#### Given data

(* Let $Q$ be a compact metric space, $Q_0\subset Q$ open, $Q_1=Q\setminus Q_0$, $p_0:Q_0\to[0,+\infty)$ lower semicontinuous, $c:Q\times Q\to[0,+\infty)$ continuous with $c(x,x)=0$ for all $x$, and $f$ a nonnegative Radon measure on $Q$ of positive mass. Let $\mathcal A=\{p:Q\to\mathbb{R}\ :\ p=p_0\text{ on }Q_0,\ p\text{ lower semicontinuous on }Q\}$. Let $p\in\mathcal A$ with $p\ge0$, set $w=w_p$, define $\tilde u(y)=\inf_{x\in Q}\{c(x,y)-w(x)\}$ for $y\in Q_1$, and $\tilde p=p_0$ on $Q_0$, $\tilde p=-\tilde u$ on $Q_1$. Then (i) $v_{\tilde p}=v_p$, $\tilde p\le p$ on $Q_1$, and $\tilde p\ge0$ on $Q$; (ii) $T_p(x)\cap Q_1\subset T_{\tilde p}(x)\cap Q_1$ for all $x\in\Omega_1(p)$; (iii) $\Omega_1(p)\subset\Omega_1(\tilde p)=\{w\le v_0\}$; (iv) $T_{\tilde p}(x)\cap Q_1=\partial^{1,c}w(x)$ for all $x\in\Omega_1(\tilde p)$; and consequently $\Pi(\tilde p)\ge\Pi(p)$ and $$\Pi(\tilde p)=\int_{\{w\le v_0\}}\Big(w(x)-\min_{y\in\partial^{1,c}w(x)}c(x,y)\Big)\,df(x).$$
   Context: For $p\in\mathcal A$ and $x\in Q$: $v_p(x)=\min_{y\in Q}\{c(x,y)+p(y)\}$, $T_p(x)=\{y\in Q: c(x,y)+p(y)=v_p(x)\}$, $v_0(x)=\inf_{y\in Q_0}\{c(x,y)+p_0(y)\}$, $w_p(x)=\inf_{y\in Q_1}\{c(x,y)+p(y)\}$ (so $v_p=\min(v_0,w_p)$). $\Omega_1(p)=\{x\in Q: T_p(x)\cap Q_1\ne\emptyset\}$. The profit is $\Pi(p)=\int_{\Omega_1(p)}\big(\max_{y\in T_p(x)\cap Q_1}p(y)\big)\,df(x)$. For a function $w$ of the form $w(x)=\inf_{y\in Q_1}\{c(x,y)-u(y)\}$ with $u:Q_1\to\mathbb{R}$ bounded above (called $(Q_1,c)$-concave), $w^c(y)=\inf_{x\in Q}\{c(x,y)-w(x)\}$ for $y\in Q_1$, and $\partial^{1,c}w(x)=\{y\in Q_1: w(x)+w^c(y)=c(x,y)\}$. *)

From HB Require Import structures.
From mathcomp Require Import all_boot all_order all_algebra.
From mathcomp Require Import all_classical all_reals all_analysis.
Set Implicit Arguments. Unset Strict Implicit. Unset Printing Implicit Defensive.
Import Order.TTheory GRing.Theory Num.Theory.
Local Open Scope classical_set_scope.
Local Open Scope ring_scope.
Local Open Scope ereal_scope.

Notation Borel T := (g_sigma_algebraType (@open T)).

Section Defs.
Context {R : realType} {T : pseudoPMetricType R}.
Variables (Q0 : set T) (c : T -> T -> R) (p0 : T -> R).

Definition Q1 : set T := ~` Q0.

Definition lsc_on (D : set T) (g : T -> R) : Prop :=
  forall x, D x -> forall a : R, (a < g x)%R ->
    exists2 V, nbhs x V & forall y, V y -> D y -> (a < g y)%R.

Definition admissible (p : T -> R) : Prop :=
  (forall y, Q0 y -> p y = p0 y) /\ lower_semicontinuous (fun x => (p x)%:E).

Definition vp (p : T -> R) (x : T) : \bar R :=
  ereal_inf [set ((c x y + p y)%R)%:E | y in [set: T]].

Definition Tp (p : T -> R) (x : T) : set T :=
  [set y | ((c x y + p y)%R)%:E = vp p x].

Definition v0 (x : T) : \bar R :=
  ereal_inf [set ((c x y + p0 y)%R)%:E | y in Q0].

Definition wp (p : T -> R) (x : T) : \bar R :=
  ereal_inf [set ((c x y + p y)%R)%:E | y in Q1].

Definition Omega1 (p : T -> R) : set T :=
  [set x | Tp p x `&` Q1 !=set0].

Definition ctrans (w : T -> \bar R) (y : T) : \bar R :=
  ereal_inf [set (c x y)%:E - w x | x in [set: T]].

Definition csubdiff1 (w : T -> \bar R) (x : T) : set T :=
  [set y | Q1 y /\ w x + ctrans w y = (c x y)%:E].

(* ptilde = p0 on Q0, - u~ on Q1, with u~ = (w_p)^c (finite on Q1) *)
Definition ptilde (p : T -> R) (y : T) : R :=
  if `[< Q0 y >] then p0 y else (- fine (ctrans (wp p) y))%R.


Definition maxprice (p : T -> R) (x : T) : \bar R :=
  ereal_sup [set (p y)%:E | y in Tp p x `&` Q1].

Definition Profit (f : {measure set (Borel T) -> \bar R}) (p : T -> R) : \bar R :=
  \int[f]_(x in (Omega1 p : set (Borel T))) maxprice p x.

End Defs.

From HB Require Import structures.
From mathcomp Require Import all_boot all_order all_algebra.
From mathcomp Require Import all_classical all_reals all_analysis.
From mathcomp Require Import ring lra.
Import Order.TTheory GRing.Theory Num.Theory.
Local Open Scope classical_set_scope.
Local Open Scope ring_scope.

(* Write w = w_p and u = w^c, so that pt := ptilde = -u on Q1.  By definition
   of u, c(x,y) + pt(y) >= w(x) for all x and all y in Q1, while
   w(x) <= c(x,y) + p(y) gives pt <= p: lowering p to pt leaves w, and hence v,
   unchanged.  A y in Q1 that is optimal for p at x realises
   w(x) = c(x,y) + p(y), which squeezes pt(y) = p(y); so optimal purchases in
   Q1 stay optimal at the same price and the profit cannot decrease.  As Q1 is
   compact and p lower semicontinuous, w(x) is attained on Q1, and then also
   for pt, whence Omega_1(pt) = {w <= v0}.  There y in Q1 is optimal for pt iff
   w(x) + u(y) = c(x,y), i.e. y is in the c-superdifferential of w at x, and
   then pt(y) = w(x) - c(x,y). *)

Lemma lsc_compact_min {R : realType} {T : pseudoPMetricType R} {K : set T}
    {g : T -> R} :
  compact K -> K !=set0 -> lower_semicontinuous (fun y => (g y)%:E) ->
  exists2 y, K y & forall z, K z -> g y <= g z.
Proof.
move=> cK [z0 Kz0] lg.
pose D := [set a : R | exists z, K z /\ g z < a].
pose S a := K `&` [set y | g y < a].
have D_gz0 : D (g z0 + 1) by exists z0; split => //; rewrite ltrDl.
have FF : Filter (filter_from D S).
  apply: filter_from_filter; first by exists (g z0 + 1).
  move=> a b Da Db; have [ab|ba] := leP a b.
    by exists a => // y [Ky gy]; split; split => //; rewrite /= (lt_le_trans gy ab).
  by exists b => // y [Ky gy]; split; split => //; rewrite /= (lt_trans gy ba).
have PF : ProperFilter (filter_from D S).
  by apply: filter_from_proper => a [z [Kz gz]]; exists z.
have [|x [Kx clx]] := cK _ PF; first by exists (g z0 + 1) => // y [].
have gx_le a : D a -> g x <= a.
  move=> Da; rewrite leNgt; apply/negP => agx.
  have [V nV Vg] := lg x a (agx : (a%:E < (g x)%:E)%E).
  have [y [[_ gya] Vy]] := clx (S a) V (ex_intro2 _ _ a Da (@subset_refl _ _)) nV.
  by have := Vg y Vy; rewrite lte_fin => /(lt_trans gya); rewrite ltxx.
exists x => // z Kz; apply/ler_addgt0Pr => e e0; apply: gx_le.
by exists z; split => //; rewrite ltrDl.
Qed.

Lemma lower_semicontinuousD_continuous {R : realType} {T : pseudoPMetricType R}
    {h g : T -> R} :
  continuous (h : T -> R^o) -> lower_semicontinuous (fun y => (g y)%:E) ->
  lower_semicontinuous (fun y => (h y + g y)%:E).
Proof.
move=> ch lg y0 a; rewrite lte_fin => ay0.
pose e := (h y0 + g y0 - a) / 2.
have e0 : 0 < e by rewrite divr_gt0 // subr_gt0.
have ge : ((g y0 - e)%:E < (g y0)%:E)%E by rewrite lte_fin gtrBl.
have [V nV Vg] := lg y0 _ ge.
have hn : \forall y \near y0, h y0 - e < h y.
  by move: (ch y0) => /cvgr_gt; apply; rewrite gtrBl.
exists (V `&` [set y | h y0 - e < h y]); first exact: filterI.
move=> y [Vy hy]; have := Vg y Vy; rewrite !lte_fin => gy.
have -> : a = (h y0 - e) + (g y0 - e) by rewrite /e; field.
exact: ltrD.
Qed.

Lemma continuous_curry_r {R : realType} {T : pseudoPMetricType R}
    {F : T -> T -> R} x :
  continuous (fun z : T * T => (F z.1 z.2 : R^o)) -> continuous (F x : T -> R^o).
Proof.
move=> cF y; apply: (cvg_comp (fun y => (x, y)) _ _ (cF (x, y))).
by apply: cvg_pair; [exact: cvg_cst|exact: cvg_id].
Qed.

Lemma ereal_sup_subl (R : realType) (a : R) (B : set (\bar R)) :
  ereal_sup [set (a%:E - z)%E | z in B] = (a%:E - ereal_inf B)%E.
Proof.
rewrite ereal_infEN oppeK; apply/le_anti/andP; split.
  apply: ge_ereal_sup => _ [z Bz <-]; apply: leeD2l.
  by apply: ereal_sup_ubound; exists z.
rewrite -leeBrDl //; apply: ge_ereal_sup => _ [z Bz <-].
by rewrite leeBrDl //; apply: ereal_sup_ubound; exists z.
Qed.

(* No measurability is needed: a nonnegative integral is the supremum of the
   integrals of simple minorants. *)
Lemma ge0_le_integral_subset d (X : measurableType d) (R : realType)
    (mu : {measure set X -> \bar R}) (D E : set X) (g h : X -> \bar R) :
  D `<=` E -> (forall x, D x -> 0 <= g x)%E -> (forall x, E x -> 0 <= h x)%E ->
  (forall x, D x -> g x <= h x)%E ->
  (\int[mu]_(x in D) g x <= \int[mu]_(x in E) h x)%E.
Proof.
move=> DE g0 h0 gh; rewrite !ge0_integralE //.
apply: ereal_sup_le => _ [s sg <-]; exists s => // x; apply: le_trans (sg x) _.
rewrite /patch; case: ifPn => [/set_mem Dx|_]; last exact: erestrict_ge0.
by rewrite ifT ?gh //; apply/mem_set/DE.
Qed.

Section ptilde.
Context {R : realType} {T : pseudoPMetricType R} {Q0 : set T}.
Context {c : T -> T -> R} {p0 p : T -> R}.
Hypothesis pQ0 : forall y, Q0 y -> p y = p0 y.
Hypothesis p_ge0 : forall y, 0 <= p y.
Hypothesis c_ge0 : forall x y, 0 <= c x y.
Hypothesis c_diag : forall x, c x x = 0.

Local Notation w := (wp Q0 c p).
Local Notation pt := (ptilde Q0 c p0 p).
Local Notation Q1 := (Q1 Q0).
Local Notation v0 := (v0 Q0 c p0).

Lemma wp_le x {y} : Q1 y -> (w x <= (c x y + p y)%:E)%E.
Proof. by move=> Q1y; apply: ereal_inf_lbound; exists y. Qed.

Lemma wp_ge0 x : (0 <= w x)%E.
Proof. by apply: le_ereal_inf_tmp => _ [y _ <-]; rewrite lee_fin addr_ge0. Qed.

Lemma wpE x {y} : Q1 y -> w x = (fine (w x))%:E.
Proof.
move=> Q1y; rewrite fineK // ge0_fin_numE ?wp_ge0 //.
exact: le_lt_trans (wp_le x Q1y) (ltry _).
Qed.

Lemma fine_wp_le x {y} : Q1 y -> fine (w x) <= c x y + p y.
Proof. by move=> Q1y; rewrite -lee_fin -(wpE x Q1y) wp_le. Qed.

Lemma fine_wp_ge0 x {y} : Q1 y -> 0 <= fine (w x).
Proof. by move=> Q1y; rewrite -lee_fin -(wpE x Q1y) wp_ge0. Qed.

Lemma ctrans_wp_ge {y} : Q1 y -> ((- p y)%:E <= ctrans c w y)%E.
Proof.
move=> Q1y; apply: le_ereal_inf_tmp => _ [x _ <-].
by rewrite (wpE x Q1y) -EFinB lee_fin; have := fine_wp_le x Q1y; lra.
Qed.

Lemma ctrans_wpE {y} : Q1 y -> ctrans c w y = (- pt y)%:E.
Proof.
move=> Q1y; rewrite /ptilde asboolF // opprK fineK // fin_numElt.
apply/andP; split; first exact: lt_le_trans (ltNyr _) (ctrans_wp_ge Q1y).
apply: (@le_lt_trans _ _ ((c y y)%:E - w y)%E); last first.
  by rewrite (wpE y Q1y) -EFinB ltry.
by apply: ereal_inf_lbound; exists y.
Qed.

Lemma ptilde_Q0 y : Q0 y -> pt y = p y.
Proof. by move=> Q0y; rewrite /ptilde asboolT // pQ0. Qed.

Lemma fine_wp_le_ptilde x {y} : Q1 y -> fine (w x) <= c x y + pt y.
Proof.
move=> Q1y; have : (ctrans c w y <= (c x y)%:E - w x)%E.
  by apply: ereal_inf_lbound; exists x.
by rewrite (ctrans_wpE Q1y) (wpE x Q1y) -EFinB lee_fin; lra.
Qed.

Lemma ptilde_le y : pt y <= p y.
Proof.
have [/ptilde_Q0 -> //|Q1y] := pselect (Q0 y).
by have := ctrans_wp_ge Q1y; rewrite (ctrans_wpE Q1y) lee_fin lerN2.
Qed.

########
#### Given data

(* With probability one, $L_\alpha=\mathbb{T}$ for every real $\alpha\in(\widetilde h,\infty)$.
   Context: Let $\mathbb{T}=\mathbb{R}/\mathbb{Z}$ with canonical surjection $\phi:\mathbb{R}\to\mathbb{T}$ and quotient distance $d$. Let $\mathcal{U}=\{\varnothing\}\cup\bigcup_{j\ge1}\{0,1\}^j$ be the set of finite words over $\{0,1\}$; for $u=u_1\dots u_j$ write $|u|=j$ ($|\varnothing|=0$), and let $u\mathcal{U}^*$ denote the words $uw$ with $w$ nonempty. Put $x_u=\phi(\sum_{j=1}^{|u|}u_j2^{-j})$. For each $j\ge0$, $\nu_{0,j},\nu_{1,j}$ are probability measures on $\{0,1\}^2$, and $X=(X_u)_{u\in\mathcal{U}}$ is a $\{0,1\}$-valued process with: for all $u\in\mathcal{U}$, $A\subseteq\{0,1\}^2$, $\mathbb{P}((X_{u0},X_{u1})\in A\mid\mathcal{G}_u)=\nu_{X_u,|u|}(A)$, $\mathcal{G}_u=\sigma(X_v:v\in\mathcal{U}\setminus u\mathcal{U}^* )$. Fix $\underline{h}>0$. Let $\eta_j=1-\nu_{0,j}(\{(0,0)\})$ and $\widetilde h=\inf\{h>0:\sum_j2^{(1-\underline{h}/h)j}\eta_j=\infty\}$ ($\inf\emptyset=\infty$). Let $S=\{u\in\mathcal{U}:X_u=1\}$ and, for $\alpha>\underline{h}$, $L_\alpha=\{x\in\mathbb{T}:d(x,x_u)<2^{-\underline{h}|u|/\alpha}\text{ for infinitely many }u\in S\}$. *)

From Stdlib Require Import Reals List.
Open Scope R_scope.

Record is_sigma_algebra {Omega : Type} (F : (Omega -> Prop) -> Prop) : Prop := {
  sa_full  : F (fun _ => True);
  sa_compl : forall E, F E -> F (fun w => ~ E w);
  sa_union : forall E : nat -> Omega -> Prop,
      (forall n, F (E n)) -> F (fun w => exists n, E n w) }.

########
#### Given data

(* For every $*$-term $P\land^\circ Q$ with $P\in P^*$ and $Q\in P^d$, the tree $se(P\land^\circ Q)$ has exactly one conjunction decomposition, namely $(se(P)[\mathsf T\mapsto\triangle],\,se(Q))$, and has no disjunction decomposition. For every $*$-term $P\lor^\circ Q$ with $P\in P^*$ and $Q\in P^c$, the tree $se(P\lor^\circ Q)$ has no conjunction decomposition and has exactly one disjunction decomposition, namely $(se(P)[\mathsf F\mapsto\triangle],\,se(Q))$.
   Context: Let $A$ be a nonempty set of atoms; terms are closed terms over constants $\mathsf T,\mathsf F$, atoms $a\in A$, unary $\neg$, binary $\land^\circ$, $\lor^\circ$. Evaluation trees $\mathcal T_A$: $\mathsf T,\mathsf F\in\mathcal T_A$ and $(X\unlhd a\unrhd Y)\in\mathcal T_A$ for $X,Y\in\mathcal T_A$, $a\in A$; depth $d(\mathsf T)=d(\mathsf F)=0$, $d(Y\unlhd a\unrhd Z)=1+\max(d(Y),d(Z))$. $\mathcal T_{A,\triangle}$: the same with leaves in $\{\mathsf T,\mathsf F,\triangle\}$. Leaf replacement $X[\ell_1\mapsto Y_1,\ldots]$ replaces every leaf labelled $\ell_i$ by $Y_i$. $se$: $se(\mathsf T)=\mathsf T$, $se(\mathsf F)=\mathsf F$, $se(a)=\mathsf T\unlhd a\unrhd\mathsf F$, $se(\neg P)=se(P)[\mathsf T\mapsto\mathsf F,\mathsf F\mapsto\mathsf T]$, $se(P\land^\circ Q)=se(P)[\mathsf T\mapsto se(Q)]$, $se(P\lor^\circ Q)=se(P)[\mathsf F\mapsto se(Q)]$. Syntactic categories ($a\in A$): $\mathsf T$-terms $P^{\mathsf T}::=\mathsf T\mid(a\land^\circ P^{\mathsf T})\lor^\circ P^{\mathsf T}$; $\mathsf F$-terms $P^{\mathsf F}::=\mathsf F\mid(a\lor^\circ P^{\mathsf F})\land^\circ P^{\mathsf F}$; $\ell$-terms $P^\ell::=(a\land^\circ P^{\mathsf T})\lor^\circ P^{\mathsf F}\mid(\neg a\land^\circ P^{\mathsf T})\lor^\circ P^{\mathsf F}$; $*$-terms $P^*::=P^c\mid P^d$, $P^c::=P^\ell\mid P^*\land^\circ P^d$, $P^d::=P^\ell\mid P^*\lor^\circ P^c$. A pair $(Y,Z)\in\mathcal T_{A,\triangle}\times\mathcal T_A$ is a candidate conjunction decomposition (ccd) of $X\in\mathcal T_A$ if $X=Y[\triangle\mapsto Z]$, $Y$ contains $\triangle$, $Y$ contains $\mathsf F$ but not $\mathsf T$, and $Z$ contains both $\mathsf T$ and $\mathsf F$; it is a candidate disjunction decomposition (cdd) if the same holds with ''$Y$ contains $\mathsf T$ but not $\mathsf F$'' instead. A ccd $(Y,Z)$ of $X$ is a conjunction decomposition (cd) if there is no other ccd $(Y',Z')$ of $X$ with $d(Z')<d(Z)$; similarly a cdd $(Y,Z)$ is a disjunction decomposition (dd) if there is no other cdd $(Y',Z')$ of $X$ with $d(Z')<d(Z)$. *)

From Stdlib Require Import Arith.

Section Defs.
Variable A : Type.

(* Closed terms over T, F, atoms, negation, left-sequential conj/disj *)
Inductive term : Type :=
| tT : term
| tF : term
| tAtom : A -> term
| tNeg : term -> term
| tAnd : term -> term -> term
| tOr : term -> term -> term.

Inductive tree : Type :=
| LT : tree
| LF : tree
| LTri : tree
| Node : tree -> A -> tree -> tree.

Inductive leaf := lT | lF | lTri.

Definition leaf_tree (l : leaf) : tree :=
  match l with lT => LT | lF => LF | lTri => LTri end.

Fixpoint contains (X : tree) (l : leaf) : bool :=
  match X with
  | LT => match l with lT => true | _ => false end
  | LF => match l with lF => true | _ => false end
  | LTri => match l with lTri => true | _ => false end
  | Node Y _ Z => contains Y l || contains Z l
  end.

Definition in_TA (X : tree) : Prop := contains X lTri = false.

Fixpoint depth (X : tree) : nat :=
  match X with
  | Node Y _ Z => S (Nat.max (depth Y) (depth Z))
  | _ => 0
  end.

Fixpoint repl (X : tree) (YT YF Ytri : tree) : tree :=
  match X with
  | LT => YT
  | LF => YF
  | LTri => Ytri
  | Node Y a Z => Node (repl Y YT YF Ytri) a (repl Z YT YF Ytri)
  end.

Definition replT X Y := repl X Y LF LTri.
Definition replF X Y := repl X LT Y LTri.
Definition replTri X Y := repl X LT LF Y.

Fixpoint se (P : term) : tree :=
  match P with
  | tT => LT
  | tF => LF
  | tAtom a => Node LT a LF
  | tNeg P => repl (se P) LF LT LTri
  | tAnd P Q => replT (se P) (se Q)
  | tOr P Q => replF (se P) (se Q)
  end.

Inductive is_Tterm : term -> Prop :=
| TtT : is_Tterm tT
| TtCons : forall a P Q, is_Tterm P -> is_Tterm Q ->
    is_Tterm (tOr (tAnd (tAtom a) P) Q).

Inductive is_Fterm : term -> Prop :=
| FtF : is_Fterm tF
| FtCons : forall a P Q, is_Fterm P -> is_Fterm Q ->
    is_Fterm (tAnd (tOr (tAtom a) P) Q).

########

### What you should do
Check each line of the records above for "EFinB", and copy those that have it.

### Result for this exercise
by rewrite (wpE x Q1y) -EFinB lee_fin; have := fine_wp_le x Q1y; lra.
  by rewrite (wpE y Q1y) -EFinB ltry.
by rewrite (ctrans_wpE Q1y) (wpE x Q1y) -EFinB lee_fin; lra.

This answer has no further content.